[YOUR INSTRUCTIONS]: Reproduce the opening lines of the records exactly, please, stopping after the line that contains "apply: (@dynamo_simulation _ e e' tau tau'".

*-*-*

(* A leaf of threshold at most one is activated as soon as its neighbour is. *)
Lemma dynamo_del_leaf_edge tau tau' (D' D : {set T}) : tau v <= 1 ->
  (forall x, x != v -> x != u -> tau' x = tau x) -> tau u <= tau' u \/ u \in D ->
  D' \subset D -> dynamo e' tau' D' -> dynamo e tau D.
Proof.
move=> tv tau'E hu sub.
apply: (@dynamo_simulation _ e e' tau tau'
   (fun S' S => S' :\ v \subset S /\ (tau u <= tau' u \/ u \in S))).
- move=> S' S [subS hS]; split; last first.
    by case: hS => [|uS]; [left | right; rewrite (subsetP (subset_step _ _ _))].
  apply/subsetP=> x; rewrite in_setD1 => /andP [nxv]; rewrite in_step.
  case/orP => [xS'|hx].
    by rewrite (subsetP (subset_step _ _ _)) // (subsetP subS) // !inE nxv.
  rewrite in_step; apply/orP.
  have hc := subset_leq_card (subset_nbrs_del_leaf_edge x subS).
  have [xu|nxu] := eqVneq x u; last by right; rewrite -tau'E //; apply: leq_trans hc.
  rewrite xu in hx hc *.
  by case: hS => [h|]; [right; apply: leq_trans h (leq_trans hx hc) | left].
- by split=> //; apply: subset_trans sub; apply: subsetDl.
- move=> S [subS _]; exists 1; apply/eqP; rewrite eqEsubset subsetT /=.
  apply/subsetP=> x _; rewrite in_step.
  have [->|nxv] := eqVneq x v; last by rewrite (subsetP subS) // !inE nxv.
  apply/orP; right; apply: leq_trans tv _.
  rewrite card_gt0; apply/set0Pn; exists u; rewrite !inE sym_e euv andbT.
  by apply: (subsetP subS); rewrite !inE nuv.
Qed.

End DeletionTransfer.

Definition endpoints (T : Type) (M : seq (T * T)) : seq T :=
  flatten [seq [:: p.1; p.2] | p <- M].

Lemma mem_endpoints (T : eqType) (M : seq (T * T)) x :
  reflect (exists2 p, p \in M & (x == p.1) || (x == p.2)) (x \in endpoints M).
Proof.
apply: (iffP flatten_mapP) => [[p pM]|[p pM xp]]; last by exists p; rewrite // !inE.
by rewrite !inE; exists p.
Qed.

(* Invariant of the leaf induction: putting full-degree thresholds on the
   endpoints of the matching [M] stays within the budget of [tau], and [M] is
   already as large as [dyn e tau]. *)
Definition budget_matching (T : finType) (e : rel T) (tau : T -> nat) M :=
  [/\ all (fun p => e p.1 p.2) M, uniq (endpoints M),
      all (fun x => 0 < tau x) (endpoints M),
      \sum_(x <- endpoints M) deg e x <= \sum_v tau v & dyn e tau <= size M].

Lemma sum_agree_off (T : finType) (f g : T -> nat) (s : seq T) : uniq s ->
  (forall x, x \notin s -> f x = g x) ->
  \sum_x f x + \sum_(x <- s) g x = \sum_x g x + \sum_(x <- s) f x.
Proof.
move=> us fg.
have split h : \sum_x h x = \sum_(x | x \notin s) h x + \sum_(x <- s) h x.
  by rewrite (big_uniq _ us) [LHS](bigID (mem s)) addnC.
by rewrite !split (eq_bigr _ fg) addnAC.
Qed.

Section LeafInduction.
Variables (T : finType) (e : rel T) (u v : T).
Hypotheses (sym_e : symmetric e) (euv : e u v) (nuv : u != v)
  (leaf_v : forall w, e v w -> w = u).
Let e' := del_edge e u v.
Let deg_e x : deg e x = deg e' x + ((x == u) || (x == v)) :=
  deg_del_edge x sym_e euv nuv.

Lemma deg_leaf : deg e v = 1.
Proof.
rewrite /deg -(cards1 u); apply: eq_card => w; rewrite !inE.
by apply/idP/eqP => [/leaf_v //|->]; rewrite sym_e.
Qed.

Lemma budget_matching_del_edge tau tau' M :
  budget_matching e' tau' M -> v \notin endpoints M ->
  (forall x, 0 < tau' x -> 0 < tau x) ->
  \sum_x tau' x + (u \in endpoints M) <= \sum_x tau x ->
  dyn e tau <= dyn e' tau' -> budget_matching e tau M.
Proof.
move=> [edgesM uM posM sumM dynM] vM pos_tau sum_tau dyn_tau; split => //.
- by apply/allP => p /(allP edgesM) /del_edge_sub.
- by apply/allP => x /(allP posM) /pos_tau.
- have := @sum_deg_del_edge _ e u v _ sym_e euv nuv uM vM; rewrite -/e'; lia.
- exact: leq_trans dyn_tau dynM.
Qed.

Lemma budget_matching_cons_del_edge tau tau' M :
  budget_matching e' tau' M -> u \notin endpoints M -> v \notin endpoints M ->
  0 < tau u -> 0 < tau v -> (forall x, 0 < tau' x -> 0 < tau x) ->
  \sum_x tau' x + deg e u + 1 <= \sum_x tau x ->
  dyn e tau <= dyn e' tau' + 1 -> budget_matching e tau ((u, v) :: M).
Proof.
move=> [edgesM uM posM sumM dynM] uNM vNM tu tv pos_tau sum_tau dyn_tau.
rewrite /budget_matching /endpoints /= -/(endpoints M) !inE negb_or nuv uNM vNM.
split => //; rewrite ?euv ?tu ?tv //=.
- by apply/allP => p /(allP edgesM) /del_edge_sub.
- by apply/allP => x /(allP posM) /pos_tau.
- have := @sum_deg_del_edge _ e u v _ sym_e euv nuv uM vNM.
  by rewrite -/e' !big_cons deg_leaf (negbTE uNM) /=; lia.
- by apply: leq_trans dyn_tau _; rewrite addn1 ltnS.
Qed.

Section Step.
Variable tau : T -> nat.
Hypothesis tau_ok : threshold_assignment e tau.
Hypothesis IH : forall tau', threshold_assignment e' tau' ->
  exists M, budget_matching e' tau' M.

(* The leaf is active from the start: transfer one unit of threshold from [u]. *)
Lemma budget_matching_leaf_free : tau v = 0 -> exists M, budget_matching e tau M.
Proof.
move=> tv.
pose tau' x := if x == u then (tau u).-1 else tau x.
have tau'E x : x != u -> tau' x = tau x by rewrite /tau' => /negbTE ->.
have tau'u : tau' u = (tau u).-1 by rewrite /tau' eqxx.
have tau'_ok : threshold_assignment e' tau'.
  move=> x; have := tau_ok x; rewrite deg_e.
  have [->|nxu] := eqVneq x u; first by rewrite tau'u; lia.
  by rewrite tau'E //; have [->|_] := eqVneq x v; [rewrite tv | rewrite addn0].
have [M bM] := IH tau'_ok; have [_ _ posM _ _] := bM.
have vNM : v \notin endpoints M.
  by apply/negP => /(allP posM); rewrite tau'E ?tv // eq_sym.
exists M; apply: (budget_matching_del_edge bM vNM).
- by move=> x; have [->|/tau'E ->] := eqVneq x u; rewrite ?tau'u; lia.
- have agree : \sum_x tau' x + tau u = \sum_x tau x + tau' u.
    have := @sum_agree_off _ tau' tau [:: u] isT; rewrite !big_seq1.
    by apply=> x; rewrite inE; apply: tau'E.
  by case: (boolP (u \in endpoints M)) => [/(allP posM)|_] /=; lia.
- apply: dyn_leq_of_dynamo => D; apply: dynamo_del_edge_zero => //.
  by rewrite tau'u; lia.
Qed.

Lemma budget_matching_leaf_unsaturated : 0 < tau v -> tau u < deg e u ->
  exists M, budget_matching e tau M.
Proof.
move=> tv tu.
pose tau' x := if x == v then 0 else tau x.
have tau'E x : x != v -> tau' x = tau x by rewrite /tau' => /negbTE ->.
have tau'v : tau' v = 0 by rewrite /tau' eqxx.
have tau'_ok : threshold_assignment e' tau'.
  move=> x; have [->|nxv] := eqVneq x v; first by rewrite tau'v.
  rewrite tau'E //; have := tau_ok x; rewrite deg_e (negbTE nxv) orbF.
  by have [xu|_] := eqVneq x u; [move: tu; rewrite xu deg_e eqxx; lia | rewrite addn0].
have [M bM] := IH tau'_ok; have [_ _ posM _ _] := bM.
have vNM : v \notin endpoints M by apply/negP => /(allP posM); rewrite tau'v.
exists M; apply: (budget_matching_del_edge bM vNM).
- by move=> x; have [->|/tau'E ->] := eqVneq x v; rewrite ?tau'v.
- have agree : \sum_x tau' x + tau v = \sum_x tau x + tau' v.
    have := @sum_agree_off _ tau' tau [:: v] isT; rewrite !big_seq1.
    by apply=> x; rewrite inE; apply: tau'E.
  rewrite tau'v addn0 in agree; rewrite -agree leq_add2l.
  exact: leq_trans (leq_b1 _) tv.
- apply: dyn_leq_of_dynamo => D; apply: dynamo_del_leaf_edge => //.
  + by rewrite -deg_leaf tau_ok.
  + by move=> x /tau'E.
  + by left; rewrite tau'E.
Qed.

(* The edge [uv] joins the matching: both its ends are at full threshold. *)
Lemma budget_matching_leaf_saturated : 0 < tau v -> tau u = deg e u ->
  exists M, budget_matching e tau M.
Proof.
move=> tv tu.
pose tau' x := if (x == u) || (x == v) then 0 else tau x.
have tau'E x : x \notin [:: u; v] -> tau' x = tau x.
  by rewrite !inE /tau' => /negbTE ->.
have tau'uv x : (x == u) || (x == v) -> tau' x = 0 by rewrite /tau' => ->.
have tau'_ok : threshold_assignment e' tau'.
  move=> x; have [uvx|nuvx] := boolP ((x == u) || (x == v)); first by rewrite tau'uv.
  by rewrite tau'E ?inE //; have := tau_ok x; rewrite deg_e (negbTE nuvx) addn0.
have [M bM] := IH tau'_ok; have [_ _ posM _ _] := bM.
have notinM x : (x == u) || (x == v) -> x \notin endpoints M.
  by move=> uvx; apply/negP => /(allP posM); rewrite tau'uv.
exists ((u, v) :: M); apply: (budget_matching_cons_del_edge bM).
- by apply: notinM; rewrite eqxx.
- by apply: notinM; rewrite eqxx orbT.
- by rewrite tu /deg card_gt0; apply/set0Pn; exists v; rewrite inE.
- exact: tv.
- move=> x; have [uvx|nuvx] := boolP ((x == u) || (x == v)); first by rewrite tau'uv.
  by rewrite tau'E // !inE.
- have := @sum_agree_off _ tau' tau [:: u; v]; rewrite /= inE nuv !big_cons !big_nil.
  rewrite !tau'uv ?eqxx ?orbT // -tu => /(_ isT tau'E).
  by have := tau_ok v; rewrite deg_leaf; lia.
- apply: dyn_transfer => D dD; exists (u |: D); last first.
    by rewrite cardsU1 addnC leq_add2l leq_b1.
  apply: dynamo_del_leaf_edge dD => //.
  + by rewrite -deg_leaf tau_ok.
  + by move=> x nxv nxu; rewrite tau'E // !inE negb_or nxu.
  + by right; rewrite setU11.
  + exact: subsetUr.
Qed.

Lemma budget_matching_leaf : exists M, budget_matching e tau M.
Proof.
have [tv0|tv] := posnP (tau v); first exact: budget_matching_leaf_free.
have [tu|tu] := ltnP (tau u) (deg e u); first exact: budget_matching_leaf_unsaturated.
by apply: budget_matching_leaf_saturated => //; apply/eqP; rewrite eqn_leq tu tau_ok.
Qed.

End Step.
End LeafInduction.

Lemma budget_matching_nil (T : finType) (e : rel T) tau :
  (forall x y, ~~ e x y) -> threshold_assignment e tau -> budget_matching e tau [::].
Proof.
move=> no_edge tau_ok.
have tau0 x : tau x = 0.
  apply/eqP; rewrite -leqn0; apply: leq_trans (tau_ok x) _.
  by rewrite leqn0 cards_eq0; apply/eqP/setP=> y; rewrite !inE (negbTE (no_edge x y)).
split; rewrite /endpoints ?big_nil //=; rewrite -(cards0 T); apply: dyn_leq_card.
by exists 1; apply/setP=> x; rewrite in_step tau0 !inE.
Qed.

Lemma forest_budget_matching (T : finType) (e : rel T) tau :
  forest e -> threshold_assignment e tau -> exists M, budget_matching e tau M.
Proof.
have [n] := ubnP #|[set p : T * T | e p.1 p.2]|.
elim: n => // n IHn in e tau *; rewrite ltnS => edges_n forest_e tau_ok.
have [/existsP [[a b] /= eab]|no_edge] := boolP [exists p : T * T, e p.1 p.2]; last first.
  by exists [::]; apply: budget_matching_nil tau_ok => x y; apply: (existsPn no_edge (x, y)).
have [v [u [evu leaf_v]]] := forest_leaf forest_e eab.
have [[sym_e irr_e] _] := forest_e.
have euv : e u v by rewrite sym_e.
have nuv : u != v by apply: contraTneq euv => ->; rewrite irr_e.
apply: (budget_matching_leaf sym_e euv nuv leaf_v tau_ok) => tau' tau'_ok.
apply: IHn tau'_ok; last exact: forest_del_edge.
exact: leq_trans (card_edges_del_edge euv) edges_n.
Qed.
Lemma distC u v : dist e u v = dist e v u.
Proof.
apply/eqP; rewrite eqn_leq.
by apply/andP; split; apply/dist_le_walk/walk_rev/dist_walk.
Qed.

Lemma dist_neighbor_closer u v :
  u != v -> exists2 z, e u z & (dist e z v).+1 = dist e u v.
Proof.
move=> uv; have := dist_walk u v.
case duv: (dist e u v) => [|n] uv_walk; first by rewrite (dist_eq0 duv) eqxx in uv.
inversion uv_walk as [|n' x z y euz zv]; subst; exists z => //.
apply/eqP; rewrite eqn_leq ltnS dist_le_walk //= -duv.
by rewrite (leq_trans (dist_triangle _ z _)) // addnC -addn1 leq_add2l dist_edge.
Qed.

End Distance.

Lemma mutually_max_distantC (T : finType) (e : rel T) x y :
  mutually_max_distant e x y = mutually_max_distant e y x.
Proof. by rewrite /mutually_max_distant eq_sym andbAC. Qed.

Section StrongResolving.
Variables (T : finType) (e : rel T).
Hypotheses (se : symmetric e) (Ce : connected_graph e).

Lemma in_interval_max_distant x y w :
  max_distant e y x -> in_interval e x w y -> w = y.
Proof.
move=> y_far /eqP xyw; apply/eqP; apply/negPn/negP; rewrite eq_sym => yw.
have [z eyz zw] := dist_neighbor_closer Ce yw.
have := forallP y_far z; rewrite eyz (distC se Ce y) /=.
by have := dist_triangle Ce x z w; lia.
Qed.

Lemma strongly_resolves_mutually_max_distant x y w :
  mutually_max_distant e x y -> strongly_resolves e w x y -> (w == x) || (w == y).
Proof.
case/andP=> /andP[_ x_far] y_far /orP[] /in_interval_max_distant -> //.
  by rewrite eqxx orbT.
by rewrite eqxx.
Qed.

Lemma max_distant_beyond u v :
  exists2 x, in_interval e u x v & max_distant e x u.
Proof.
pose beyond := [pred x | in_interval e u x v].
have beyond_v : beyond v by rewrite inE /in_interval distxx addn0.
have [x /eqP uvx x_max] := arg_maxnP (dist e u) beyond_v.
exists x; first exact/eqP.
apply/forallP => w; apply/implyP => exw; rewrite (distC se Ce x u) leqNgt.
apply/negP => w_farther; move: (dist_triangle Ce v x w) (dist_edge exw).
have := dist_triangle Ce u v w; rewrite (distC se Ce x w) => uvw vxw xw.
have /x_max : beyond w by rewrite inE /in_interval; apply/eqP; lia.
lia.
Qed.

Lemma max_distant_through u x y :
  in_interval e x y u -> max_distant e x u -> max_distant e x y.
Proof.
move=> /eqP xuy /forallP x_far; apply/forallP => w; apply/implyP => exw.
have := dist_triangle Ce y u w; have := dist_edge exw.
have := dist_triangle Ce u x w; have := x_far w; rewrite exw.
by rewrite !(distC se Ce _ x) (distC se Ce y u); lia.
Qed.

Lemma in_interval_xx x u : in_interval e x x u -> u = x.
Proof. by rewrite /in_interval distxx addn_eq0 => /andP[_ /eqP/(dist_eq0 Ce)]. Qed.

Lemma strong_resolving_setP (S : {set T}) :
  reflect (forall x y, mutually_max_distant e x y -> (x \in S) || (y \in S))
          (strong_resolving_set e S).
Proof.
apply: (iffP idP) => [srs x y xy_mmd | cover].
  have xy : x != y by case/andP: xy_mmd => /andP[].
  have /existsP[w /andP[wS]] := implyP (forallP (forallP srs x) y) xy.
  move/(strongly_resolves_mutually_max_distant xy_mmd).
  by case/orP=> /eqP <-; rewrite wS ?orbT.
apply/forallP => u; apply/forallP => v; apply/implyP => uv.
have [x uvx x_far] := max_distant_beyond u v.
have [y xuy y_far] := max_distant_beyond x u.
have xy_mmd : mutually_max_distant e x y.
  rewrite /mutually_max_distant y_far (max_distant_through xuy x_far) !andbT.
  apply: contraNneq uv => xy; subst y; have ux := in_interval_xx xuy; subst x.
  by rewrite (in_interval_xx uvx).
have vuy : in_interval e v y u.
  move: (eqP uvx) (eqP xuy) (dist_triangle Ce v u y) (dist_triangle Ce x v y).
  move: (distC se Ce u v) (distC se Ce x u) (distC se Ce x v).
  by rewrite /in_interval; lia.
case/orP: (cover x y xy_mmd) => [xS | yS]; apply/existsP.
  by exists x; rewrite xS /strongly_resolves uvx.
by exists y; rewrite yS /strongly_resolves vuy orbT.
Qed.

*-*-*

[ANSWER AREA]:
(* A leaf of threshold at most one is activated as soon as its neighbour is. *)
Lemma dynamo_del_leaf_edge tau tau' (D' D : {set T}) : tau v <= 1 ->
  (forall x, x != v -> x != u -> tau' x = tau x) -> tau u <= tau' u \/ u \in D ->
  D' \subset D -> dynamo e' tau' D' -> dynamo e tau D.
Proof.
move=> tv tau'E hu sub.
apply: (@dynamo_simulation _ e e' tau tau'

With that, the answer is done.